Saint Helen Testing the True Cross
Jacopo Tintoretto·c. 1545
Historical Context
Tintoretto's Saint Helen Testing the True Cross, painted around 1545 and now in the Art Institute of Chicago, is a striking early work that reveals the twenty-six-year-old painter already deploying the dramatic spatial foreshortening and theatrical light effects that would define his mature style. The subject — the Empress Helena, mother of Constantine, testing which of three excavated crosses caused a miraculous healing to identify the True Cross — had particular resonance in Venice, where a famous relic of the Cross was venerated at the Scuola Grande di San Giovanni Evangelista with elaborate annual ceremonies. Tintoretto's treatment emphasizes the supernatural drama of the moment: the miraculous healing of a corpse brought to touch the cross, the astonishment of the bystanders, the elevated figure of Helena overseeing the event with imperial composure. The early 1540s were the period when Tintoretto was finding his way between the dominant Venetian tradition of Titian, whose coloristic warmth and careful spatial recession he challenged, and the Roman Mannerist examples reaching Venice through prints and visits — the distorted figures, unusual viewpoints, and anti-classical spatial compression that he absorbed and transformed into his own uniquely energetic manner.
Technical Analysis
Tintoretto's oil-on-canvas technique in this early work shows the dramatic chiaroscuro and energetic composition that would become his hallmarks. The bold, spontaneous brushwork and the theatrical arrangement of figures around the cross demonstrate his instinct for visual drama.
Look Closer
- ◆Notice the dramatic cross at the center of the composition: Tintoretto organizes the entire painting around this sacred object.
- ◆Look at the theatrical chiaroscuro: light falls on the cross and Helena's face with the directed intensity Tintoretto developed from his study of Michelangelo.
- ◆Observe the spontaneous brushwork already visible in this early work: Tintoretto's instinct for visual drama is present from the beginning of his career.
- ◆Find the figures arranged around the cross in dynamic response: each reacts differently to the sacred relic, creating a variety of gesture and expression.

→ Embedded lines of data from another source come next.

(* Let $(S,\lambda_S^\bullet,\mu_S^{(0)})$, $(G,\lambda_G^\bullet,\mu_G^{(0)})$, $(T,\lambda_T^\bullet,\mu_T^{(0)})$ be Haar groupoids, $p:S\to G$, $q:T\to G$ homomorphisms of Haar groupoids, $P$ their weak pullback, and $\lambda_P^{(s,g,t)}=\lambda_S^s\times\delta_g\times\lambda_T^t$ for $(s,g,t)\in P^{(0)}$. Then $\lambda_P^\bullet$ is left invariant: for every $x\in P$ and every Borel $E\subseteq P$, $\lambda_P^{d_P(x)}(E)=\lambda_P^{r_P(x)}\big(x\cdot(E\cap P^{d_P(x)})\big)$, where $P^{v}=r_P^{-1}(v)$.
   Context: For a groupoid $G$: unit space $G^{(0)}$, range/source $r,d$, $G^u=r^{-1}(u)$. A continuous left Haar system on a groupoid $G$ is a family $\{\lambda^u\}_{u\in G^{(0)}}$ of positive Borel measures on $G$, $\lambda^u$ concentrated on $G^u$, which is continuous ($u\mapsto\int f\,d\lambda^u$ continuous for every continuous compactly supported $f\ge0$), left invariant ($\lambda^{d(x)}(E)=\lambda^{r(x)}(x\cdot(E\cap G^{d(x)}))$) and positive on open sets ($\lambda^u(A)>0$ for open $A$ meeting $G^u$). A Haar groupoid $(G,\lambda^\bullet,\mu^{(0)})$ is a second countable, locally compact, Hausdorff topological groupoid with a continuous left Haar system and a non-zero Radon measure $\mu^{(0)}$ on $G^{(0)}$ that is quasi-invariant (the induced measure $\mu(E)=\int\lambda^u(E)d\mu^{(0)}(u)$ and $\mu^{-1}(E)=\mu(E^{-1})$ are mutually absolutely continuous). A homomorphism of Haar groupoids is a continuous groupoid homomorphism $p$ with $p_*\mu\sim\nu$ for the induced measures. The weak pullback is $P=\{(s,g,t)\in S\times G\times T: r_G(g)=r_G(p(s)),\ d_G(g)=r_G(q(t))\}$ with subspace topology and groupoid operations: $((s,g,t),(\sigma,h,\tau))$ composable iff $r_S(\sigma)=d_S(s)$, $r_T(\tau)=d_T(t)$, $h=p(s)^{-1}gq(t)$, product $(s\sigma,g,t\tau)$; inverse $(s^{-1},p(s)^{-1}gq(t),t^{-1})$; $r_P(s,g,t)=(r_S(s),g,r_T(t))$, $d_P(s,g,t)=(d_S(s),p(s)^{-1}gq(t),d_T(t))$; $P^{(0)}=\{(s,g,t):s\in S^{(0)},t\in T^{(0)},r_G(g)=p(s),d_G(g)=q(t)\}$. *)

From HB Require Import structures.
From mathcomp Require Import all_boot all_order all_algebra.
From mathcomp Require Import all_classical all_reals all_analysis.
Set Implicit Arguments. Unset Strict Implicit. Unset Printing Implicit Defensive.
Import Order.TTheory GRing.Theory Num.Theory.
Import numFieldNormedType.Exports.
HB.saturate prod.

Local Open Scope classical_set_scope.
Local Open Scope ring_scope.

Notation borel X := (g_sigma_algebraType (@open X)).
Definition borel_set (X : ptopologicalType) (A : set X) : Prop :=
  @measurable _ (borel X) (A : set (borel X)).

(* A groupoid whose unit space is a subset of the carrier: range r, source d,
   inverse, and a (total) multiplication only meaningful on composable pairs
   (x, y) with d x = r y. *)
Record groupoid_data (X : Type) := GroupoidData {
  gr : X -> X; gd : X -> X; ginv : X -> X; gmul : X -> X -> X }.

Section Groupoid.
Context {X : Type} (G : groupoid_data X).

Definition units : set X := [set u | gr G u = u].
Definition rfiber (u : X) : set X := [set x | gr G x = u].
Definition composable (x y : X) : Prop := gd G x = gr G y.

Definition is_groupoid_on (C : set X) : Prop :=
  (forall x, C x -> C (gr G x) /\ C (gd G x) /\ C (ginv G x)) /\
  (forall x y, C x -> C y -> composable x y -> C (gmul G x y)) /\
  [/\ (forall x, C x -> gr G (gr G x) = gr G x /\ gr G (gd G x) = gd G x
                      /\ gd G (gr G x) = gr G x /\ gd G (gd G x) = gd G x),
      (forall x y, C x -> C y -> composable x y ->
          gr G (gmul G x y) = gr G x /\ gd G (gmul G x y) = gd G y),
      (forall x y z, C x -> C y -> C z -> composable x y -> composable y z ->
          gmul G (gmul G x y) z = gmul G x (gmul G y z)),
      (forall x, C x -> gmul G (gr G x) x = x /\ gmul G x (gd G x) = x) &
      (forall x, C x -> gr G (ginv G x) = gd G x /\ gd G (ginv G x) = gr G x
          /\ gmul G x (ginv G x) = gr G x /\ gmul G (ginv G x) x = gd G x)].
(* In [Hstep G] the hub at position i is the vertex that replaces vertex i of H_1. *)
Definition hub_index (G : ograph) (y : nat) : nat := index y (hubs G).

(* The unique vertex shared by copies [j] and [k]; copies 0, 2 and copies 1, 3 are
   disjoint, and then the value is irrelevant. *)
Definition common_vertex (G : ograph) (j k : nat) : nat :=
  let N := og_bound G in
  match minn j k, maxn j k with
  | 0, 1 => hub2 G
  | 1, 2 => N + hub2 G
  | 2, 3 => 2 * N + hub2 G
  | _, _ => hub1 G
  end.

Lemma H1_arc_asym a b : (a, b) \in og_arcs H1 -> (b, a) \notin og_arcs H1.
Proof. by rewrite !inE; case/or4P => /eqP [-> ->]. Qed.

Ltac eq_cases :=
  repeat (case: ifP => [/eqP ? | /negbT/eqP ?]); repeat (case: eqP => ? /=); lia.

Section Substitution.

Variable G : ograph.
Hypothesis G_wf : wf_ograph G.

Local Notation N := (og_bound G).
Local Notation G4 := (Hstep G).
Local Notation copy j := [seq relab G j a | a <- og_verts G].
Local Notation hub := (fun y => y \in hubs G4).
Local Notation hidx := (hub_index G4).

Lemma hubs_step : hubs G4 = [:: hub1 G; 2 * N + hub2 G; hub2 G; N + hub2 G].
Proof. by []. Qed.

Lemma uniq_hubs_step : uniq (hubs G4).
Proof. by case: G_wf => _ _ h1_lt h2_lt hub12; rewrite hubs_step /= !inE; eq_cases. Qed.
(* Let $\pi_1\in\mathfrak{S}_k$ and $\pi_2\in\mathfrak{S}_\ell$ be non-empty permutations and $1\le i\le\operatorname{slmax}(\pi_2)$. Then \begin{align*} \operatorname{lmax}(C_1(\pi_1,\pi_2))=\operatorname{lmax}(C_2(\pi_1,\pi_2,i))&=\operatorname{lmax}(\pi_1)+1,\\ \operatorname{rmax}(C_1(\pi_1,\pi_2))=\operatorname{rmax}(C_2(\pi_1,\pi_2,i))&=1+\operatorname{rmax}(\pi_2),\\ \operatorname{asc}(C_1(\pi_1,\pi_2))=\operatorname{asc}(C_2(\pi_1,\pi_2,i))&=\operatorname{asc}(\pi_1)+1+\operatorname{asc}(\pi_2),\\ \operatorname{des}(C_1(\pi_1,\pi_2))=\operatorname{des}(C_2(\pi_1,\pi_2,i))&=\operatorname{des}(\pi_1)+1+\operatorname{des}(\pi_2),\\ \operatorname{len}(C_1(\pi_1,\pi_2))=\operatorname{len}(C_2(\pi_1,\pi_2,i))&=\operatorname{len}(\pi_1)+1+\operatorname{len}(\pi_2),\\ \operatorname{sldes}(C_1(\pi_1,\pi_2))&=\operatorname{sldes}(\pi_1)+\operatorname{sldes}(\pi_2),\\ \operatorname{sldes}(C_2(\pi_1,\pi_2,i))&=\operatorname{sldes}(\pi_1)+\operatorname{sldes}(\pi_2)+1. \end{align*} Furthermore, when one of $\pi_1,\pi_2$ is empty, the formulas for $C_1(\pi_1,\pi_2)$ still hold, except that $\operatorname{asc}(C_1(\epsilon,\pi_2))=\operatorname{asc}(\pi_2)$ and $\operatorname{des}(C_1(\pi_1,\epsilon))=\operatorname{des}(\pi_1)$.
   Context: For a finite sequence $A$ of distinct integers, the stack-sorting operator $\mathcal{S}$ is defined by $\mathcal{S}(\epsilon)=\epsilon$ for the empty sequence and, if $A$ is non-empty with largest element $m$, writing $A=A_L\cdot(m)\cdot A_R$ (concatenation), $\mathcal{S}(A)=\mathcal{S}(A_L)\cdot\mathcal{S}(A_R)\cdot(m)$. Permutations are viewed as sequences. For a sequence $\tau$: $\tau^{+k}$ adds $k$ to each element; for $k_1<k_2$, $\tau^{+(k_1,m,k_2)}$ adds $k_1$ to elements strictly smaller than $m$ and $k_2$ to the others. For a permutation $\sigma$: $\operatorname{len}(\sigma)$ is its length; $\operatorname{lmax}(\sigma)$ (resp. $\operatorname{rmax}(\sigma)$) is the number of indices $i$ with $\sigma(i)>\sigma(j)$ for all $j<i$ (resp. all $j>i$); $\operatorname{asc}(\sigma)$ (resp. $\operatorname{des}(\sigma)$) is the number of indices $i$ with $\sigma(i)<\sigma(i+1)$ (resp. $\sigma(i)>\sigma(i+1)$); $\operatorname{slmax}(\sigma)$ is the number of left-to-right maxima of $\mathcal{S}(\sigma)$; $\operatorname{sldes}(\sigma)$ is the number of elements $a$ such that $a$ precedes $a-1$ in $\mathcal{S}(\sigma)$. All these statistics are $0$ on the empty permutation $\epsilon$. For permutations $\pi_1\in\mathfrak{S}_k$, $\pi_2\in\mathfrak{S}_\ell$ (possibly empty, $\mathfrak{S}_0=\{\epsilon\}$), $C_1(\pi_1,\pi_2)=\pi_1\cdot(k+\ell+1)\cdot\pi_2^{+k}$; for non-empty $\pi_1,\pi_2$, with $a_1,\dots,a_t$ the values of the left-to-right maxima of $\mathcal{S}(\pi_2)$ in order and $1\le i\le t$, $C_2(\pi_1,\pi_2,i)=\pi_1^{+(0,k,a_i)}\cdot(k+\ell+1)\cdot\pi_2^{+(k-1,a_i+1,k)}$. *)

(* Permutations of [n] are sequences of naturals that are
   rearrangements of 1..n (one-line notation). *)
From mathcomp Require Import all_boot.
Set Implicit Arguments. Unset Strict Implicit. Unset Printing Implicit Defensive.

- ◆Notice the spatial depth Tintoretto creates through overlapping figures and foreshortening: the composition recedes into space rather than remaining flat.
Provenance
Sir Thomas Andros de la Rue, Bart. (died 1911), London; his sale, Christie’s, London, June 16, 1911, no. 67, to Robert Langton Douglas, for £273, along with the related painting “The Discovery of the True Cross” now in the Hyde Collection in Glens Falls, New York [see Art Prices Current 1911 and an annotated copy of the sale catalogue in the Thomas J. Watson Library, The Metropolitan Museum of Art, New York; the painting seems to have remained with the “The Discovery of the True Cross” until 1932, when it entered the collection of the Art Institute]; sold by Langton Douglas to Mrs. Philip M. Lydig (née Rita de Acosta), New York, by 1913; sold in her sale, American Art Association, New York, April 4, 1913, no. 130 to W. W. Seaman for $2000 [“Rita Lydig Sale,” 1913, p. 6; for price and buyer, see annotated copy of the sale catalogue in the Thomas J. Watson Library, The Metropolitan Museum of Art, New York]. Robert Langton Douglas, London, by 1924 [according to the mount of a photograph in the Witt Library, London]. F. Hess, Berlin, by 1925 [lent to Berlin 1925]; sold in his sale, Paul Cassirer and Théodore Fischer, Lucerne, September 1, 1931, no. 4, for Fr 9000 [according to an annotated copy of the sale catalogue in the Ryerson Library, Art Institute]. Böhler and Steinmeyer, New York, by 1932; given to the Art Institute, 1932.